In fairness to Professor Dobson, he has reason to be defensive. His work has come under sharp criticism (see Joe Bryan’s essay , e.g., and its links). I recently published a book, Geopiracy: Oaxaca, militant empiricism, and geographic thought , that examines how Dr. Dobson and other geographers from the University of Kansas went to Mexico to map indigenous lands with funds from the US military and, according to the communities they studied, failed to mention the source of their funds and their ties to the US military. I won’t recapitulate the whole story (you can read Jeremy Crampton’s review here ), but it’s worth remembering that the controversy started when indigenous communities in Oaxaca discovered the ties between the Bowman expeditions and the US military. They rebelled, publishing a trio of public denunciations of the project, such as this 2009 letter from the community of San Miguel Tiltepec, Oaxaca:
[The geographers] never informed us that the data they collected in our community would be given to the Foreign Military Study Office (FMSO) of the Army of the United States, nor did they inform us that this institution was one of the sources of financing for the project. Because of this, we consider that our General Assembly was tricked by the researchers, in order to draw out the information the[y] wanted. The community did not request the research[;] it was the researchers who convinced the community to carry it out.  Thus, the research was not carried out due to the community’s need, it was the researchers […] who designed the research method in order to collect the type of information that truly interested them. […] [W]e wish to express to the public […] our complete disagreement with the research carried out in our community, since we were not properly informed of the true goals of the research, the use of the information obtained, and the sources of financing [for the entire statement, see Zoltan Grossman’s website ].
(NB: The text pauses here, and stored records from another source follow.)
Lemma two_arc_cycle_through a q e v : ~~ odd a -> 0 < q + e ->
  q + e.*2 < n.*2 -> q < m.*2 -> ~~ diag_skew a -> diag_skew (a + e.*2) ->
  exists2 s, alt_cycle adj col s & size s = (q + e).*2.+2 /\ v \in s.
Proof.
move=> ea qe pn qm sa sb; set p := q + e.*2.
have cycle j : alt_cycle adj col (mkseq (two_arc (a + j) j p q) (p + q + 2)).
  apply: (two_arc_cycle _ _ _ pn qm); [lia | lia | lia | by rewrite skew_shift_diag |].
  by rewrite (_ : a + j + p = a + e.*2 + (j + q)) ?skew_shift_diag //; lia.
have -> : (q + e).*2.+2 = p + q + 2 by lia.
have [/(param_onto xP)[k <-]|/(param_onto yP)[k <-]] := orP (C1C2_cover v).
- pose j := k + n.*2.-1 * a.
  exists (mkseq (two_arc (a + j) j p q) (p + q + 2)); rewrite ?size_mkseq //; split => //.
  have -> : x k = two_arc (a + j) j p q 0.
    by rewrite /two_arc addn0 /j (_ : a + _ = k + n.*2 * a) ?(param_periodicM xP) //; nia.
  by apply: mem_mkseq_lt; lia.
- exists (mkseq (two_arc (a + k) k p q) (p + q + 2)); rewrite ?size_mkseq //; split => //.
  have -> : y k = two_arc (a + k) k p q (p + q).+1.
    by rewrite /two_arc ifF ?addnS ?subnn ?addn0 //; lia.
  by apply: mem_mkseq_lt; lia.
Qed.

Lemma hamiltonian_cycle : exists2 s, alt_cycle adj col s & size s = n.*2 + m.*2.
Proof.
have [d ed /andP[sd sd2]] := exists_diag_fall.
have [r rm /andP[sr sr']] := exists_diag_rise ed sd sd2.
pose q := m.*2 - 3 - r.*2.
exists (mkseq (ham_walk d q) (n.*2 + m.*2)); last by rewrite size_mkseq.
have dq : odd d.+1 = odd q by lia.
apply: ham_walk_cycle => //; [lia | lia | by rewrite -addn2 | |].
- rewrite -(skew_addxm dq) (_ : d.+1 + m.*2 = d + 4 + r.*2 + q); last lia.
  by rewrite skew_shift_diag //; lia.
- rewrite -skew_addxm; last lia.
  rewrite (_ : d + m.*2 = d + 2 + r.*2 + q.+1); last lia.
  by rewrite skew_shift_diag //; lia.
Qed.

Lemma alt_cycles_of_length v l : ~~ odd l ->
  (4 <= l <= 4 * m) || (2 * n <= l <= 2 * n + 2 * m) ->
  exists2 s, alt_cycle adj col s & size s = l /\ v \in s.
Proof.
move=> el hl; have [h lh] : exists h, l = h.*2.+2.
  by exists l./2.-1; rewrite -[l in l = _]odd_double_half (negbTE el) /=; lia.
subst l; have h0 : 0 < h by case/orP: hl; lia.
have [hnm|hnm] := eqVneq h (n + m).-1.
  have [s sC ss] := hamiltonian_cycle; exists s => //; split; first by rewrite ss; lia.
  by apply: mem_uniq_full; [apply: alt_cycle_uniq sC | rewrite ss card_sum].
have {}hnm : h.+2 <= n + m by case/orP: hl; lia.
have [d ed /andP[sd sd2]] := exists_diag_fall.
have [r _ /andP[sa sa2]] := exists_diag_rise ed sd sd2.
have ea : ~~ odd (d + 2 + r.*2) by rewrite !oddD odd_double (negbTE ed).
have sa2' : diag_skew (d + 2 + r.*2 + 1.*2) by rewrite (_ : _ + _ = d + 4 + r.*2) //; lia.
have [h2m|h2m] := leqP h.+1 (2 * m).
  have := two_arc_cycle_through (q := h.-1) (e := 1) v ea.
  by rewrite addn1 prednK //; apply => //; lia.
have {hl h2m} nh : n <= h.+1 by case/orP: hl; lia.
have sb : diag_skew (d + 2 + r.*2 + (n - m).+1.*2).
  rewrite (_ : d + 2 + r.*2 + _ = d + 2 + r.*2 + 2 + (n - m).*2); last lia.
  by rewrite diag_skew_add_diff // oddD (negbTE ea).
have := two_arc_cycle_through (q := h - (n - m).+1) (e := (n - m).+1) v ea.
by rewrite subnK; [apply => //; lia | lia].
Qed.

End Sum.

Section Orientation.
Variables (T : finType) (adj col : rel T).
Hypothesis colsym : forall u v, col u v = col v u.
Variables (C1 C2 : seq T) (n m : nat) (x y : nat -> T).
Hypothesis xP : cycle_param adj col C1 n.*2 x.
Hypothesis yP : cycle_param adj col C2 m.*2 y.
Hypothesis m_gt0 : 0 < m.

Lemma skew_const z : ~ skew_nonconstant col x z ->
  forall i j, odd i = odd j -> skew col x z i j = skew col x z 0 0.
Proof.
move=> nc i j ij.
case sij: (skew col x z i j); case s00: (skew col x z 0 0) => //; case: nc.
- by exists i, j, 0, 0; rewrite sij s00.
- by exists 0, 0, i, j; rewrite sij s00.
Qed.

(* Read with the reversed [y], the edges [x i y j] with [i], [j] of opposite
   parities get indices of equal parity.  If skew were constant for both
   readings, the colour of [x i y j] would only depend on the parities of [i]
   and [j], which the two non-singular vertices rule out. *)
Lemma skew_nonconstant_either :
  (exists2 v, v \in C1 & nonsingular col C2 v) ->
  (exists2 w, w \in C2 & nonsingular col C1 w) ->
  skew_nonconstant col x y \/ skew_nonconstant col x (fun t => y (1 + m.*2.-1 * t)).
Proof.
move=> [v vC ns1] [w wC ns2]; set y' := fun t => _.
have [|c1] := classic (skew_nonconstant col x y); first by left.
have [|c2] := classic (skew_nonconstant col x y'); first by right.
have colE i j : col (x i) (y j) =
    (if odd i == odd j then skew col x y 0 0 else skew col x y' 0 0) (+) odd i.
  case: eqP => ij; first by rewrite -(skew_const c1 ij) /skew -addbA addbb addbF.
  have yj : y' (m.*2.-1 * j + 1) = y j.
    rewrite /y' -[in RHS](param_periodicM yP j (1 + m.*2.-2 * j)); congr y.
    have [K ->] : exists K, m.*2 = K.+2 by exists m.*2.-2; lia.
    by rewrite /=; nia.
  rewrite -yj -(skew_const c2 (i := i) (j := m.*2.-1 * j + 1)); last by rewrite oddD oddM; lia.
  by rewrite /skew -addbA addbb addbF.
move: ns1 ns2; have [i <-] := param_onto xP vC; have [j <-] := param_onto yP wC.
case/existsP => _ /existsP[_ /and3P[/(param_onto yP)[j1 <-] /(param_onto yP)[j2 <-] ns1]].
case/existsP => _ /existsP[_ /and3P[/(param_onto xP)[i1 <-] /(param_onto xP)[i2 <-] ns2]].
move: ns1 ns2; rewrite ![col (y j) _]colsym !colE.
by case: (odd i); case: (odd j); case: (odd i1); case: (odd i2); case: (odd j1); case: (odd j2);
  case: (skew col x y 0 0); case: (skew col x y' 0 0).
Qed.

End Orientation.

Lemma card_disjoint_cover (T : finType) (s1 s2 : seq T) : uniq s1 -> uniq s2 ->
  [disjoint s1 & s2] -> (forall v, (v \in s1) || (v \in s2)) -> #|T| = size s1 + size s2.
Proof.
move=> u1 u2 dis cov; rewrite -size_cat.
have /card_uniqP <- : uniq (s1 ++ s2).
  by rewrite cat_uniq u1 u2 -disjoint_has disjoint_sym dis.
by rewrite cardT; apply/esym/eq_cardT => v; rewrite mem_cat cov.
Qed.

Section AltCyclesInSum.
Variables (T : finType) (adj col : rel T).
Hypothesis adjsym : forall u v, adj u v = adj v u.
Hypothesis colsym : forall u v, col u v = col v u.

Lemma alt_cycles_in_sum_le (C1 C2 : seq T) n m :
  alt_cycle adj col C1 -> size C1 = n.*2 -> alt_cycle adj col C2 -> size C2 = m.*2 ->
  [disjoint C1 & C2] -> (forall v, (v \in C1) || (v \in C2)) ->
  {in C1 & C2, forall u w, adj u w} ->
  {in C1 & C2, forall v w, ~~ good_pair col C1 C2 v w} ->
  (exists2 v, v \in C1 & nonsingular col C2 v) ->
  (exists2 w, w \in C2 & nonsingular col C1 w) ->
  m <= n -> forall v l, ~~ odd l -> (4 <= l <= 4 * m) || (2 * n <= l <= 2 * n + 2 * m) ->
  exists2 s, alt_cycle adj col s & size s = l /\ v \in s.
Proof.
move=> C1alt C1n C2alt C2m dis cov ext ngp ns1 ns2 mn.
have [x] := alt_cycle_param C1alt; rewrite C1n => xP.
have [y] := alt_cycle_param C2alt; rewrite C2m => yP.
have n1 : 1 < n by have := alt_cycle_size C1alt; lia.
have m1 : 1 < m by have := alt_cycle_size C2alt; lia.
have card : #|T| = n.*2 + m.*2.
  by rewrite -C1n -C2m (card_disjoint_cover (alt_cycle_uniq C1alt) (alt_cycle_uniq C2alt)).
have m2_even : ~~ odd m.*2 by rewrite odd_double.
have m2_gt0 : 0 < m.*2 by lia.
have yP' := param_rev yP colsym m2_even m2_gt0 adjsym.
have [nc|nc] := skew_nonconstant_either colsym xP yP (ltnW m1) ns1 ns2.
- exact: (alt_cycles_of_length adjsym colsym xP yP n1 m1 dis ext ngp nc mn cov card).
- exact: (alt_cycles_of_length adjsym colsym xP yP' n1 m1 dis ext ngp nc mn cov card).
Qed.
(* In the setting below, suppose that $$g(x)=\gcd(g_{11}(x),g_{22}(x))=\gcd(g_{11}(x),g_{11}^*(x))=\gcd(g_{22}(x),g_{22}^*(x)),$$ that $g(x)$ is self-reciprocal, and that $g_{11}(x)g_{22}(x)$ is self-reciprocal. Then $C$ is symplectic LCD.
   Context: Let $q$ be a prime power, $F=\mathbb{F}_q$, $m\ge1$ with $\gcd(q,m)=1$, and $R=F[x]/\langle x^m-1\rangle$; elements of $R$ are represented by polynomials of degree $<m$ and identified with their coefficient vectors in $F^m$. A quasi-cyclic code of length $2m$ and index $2$ is an $R$-submodule $C\subseteq R^2$. For $a,b\in R$ let $\langle a,b\rangle_e$ be the standard dot product of their coefficient vectors. The symplectic form on $R^2$ is $\langle (a_1,a_2),(b_1,b_2)\rangle_s=\langle a_1,b_2\rangle_e-\langle a_2,b_1\rangle_e$; $C$ is symplectic LCD if $C\cap C^{\perp_s}=\{0\}$. For a nonzero polynomial $f$ of degree $k$, $f^*(x)=x^kf(x^{-1})$; $f$ is self-reciprocal if $f^*=\alpha f$ for some $\alpha\in F$. Gcds are taken monic. Suppose $C$ is generated as an $R$-module by $(g_{11}(x),g_{12}(x))$ and $(0,g_{22}(x))$, where $g_{11},g_{12},g_{22}\in F[x]$ satisfy: $g_{11}\mid x^m-1$, $g_{22}\mid x^m-1$, $\deg g_{12}<\deg g_{22}$, and $g_{11}g_{22}\mid (x^m-1)g_{12}$. *)

From HB Require Import structures.
From mathcomp Require Import all_boot all_order all_algebra all_field.
Set Implicit Arguments. Unset Strict Implicit. Unset Printing Implicit Defensive.
Import GRing.Theory.
Local Open Scope ring_scope.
The ‘Oaxaca controversy’ shocked many by revealing US military collaboration with academic geographers. With his NSF/Minerva grant, Professor Dobson is again spearheading the military front within the discipline.  Although to read the coverage of his work in LJWorld, it seems the sole motivation is cultural understanding.
Thanks to the Public Records Office at the University of Kansas, I was able to obtain a copy of the proposal that won Dr. Dobson the $3 million. As a scholarly proposal it is not worth serious discussion. The text is comprised mainly of recycled bits of Bowman Expedition doggerel; superficially it resembles an NSF proposal, but the analytical architecture is just shoddy.  For instance, their research hypothesis is: “certain land tenure and land use practices will mean significant level of cultural resilience, with associated benefits, such as environmental conservation and tourism development…” (p 4). Yet these “certain” practices are never defined and the brief theoretical discussion on land tenure relies mainly on a handful of US military sources.  Their methodology is to vacuum up as much material about indigenous communities as they can obtain and repackage everything into one giant “ArcGIS database of digital maps, data, and statistics” (p 5).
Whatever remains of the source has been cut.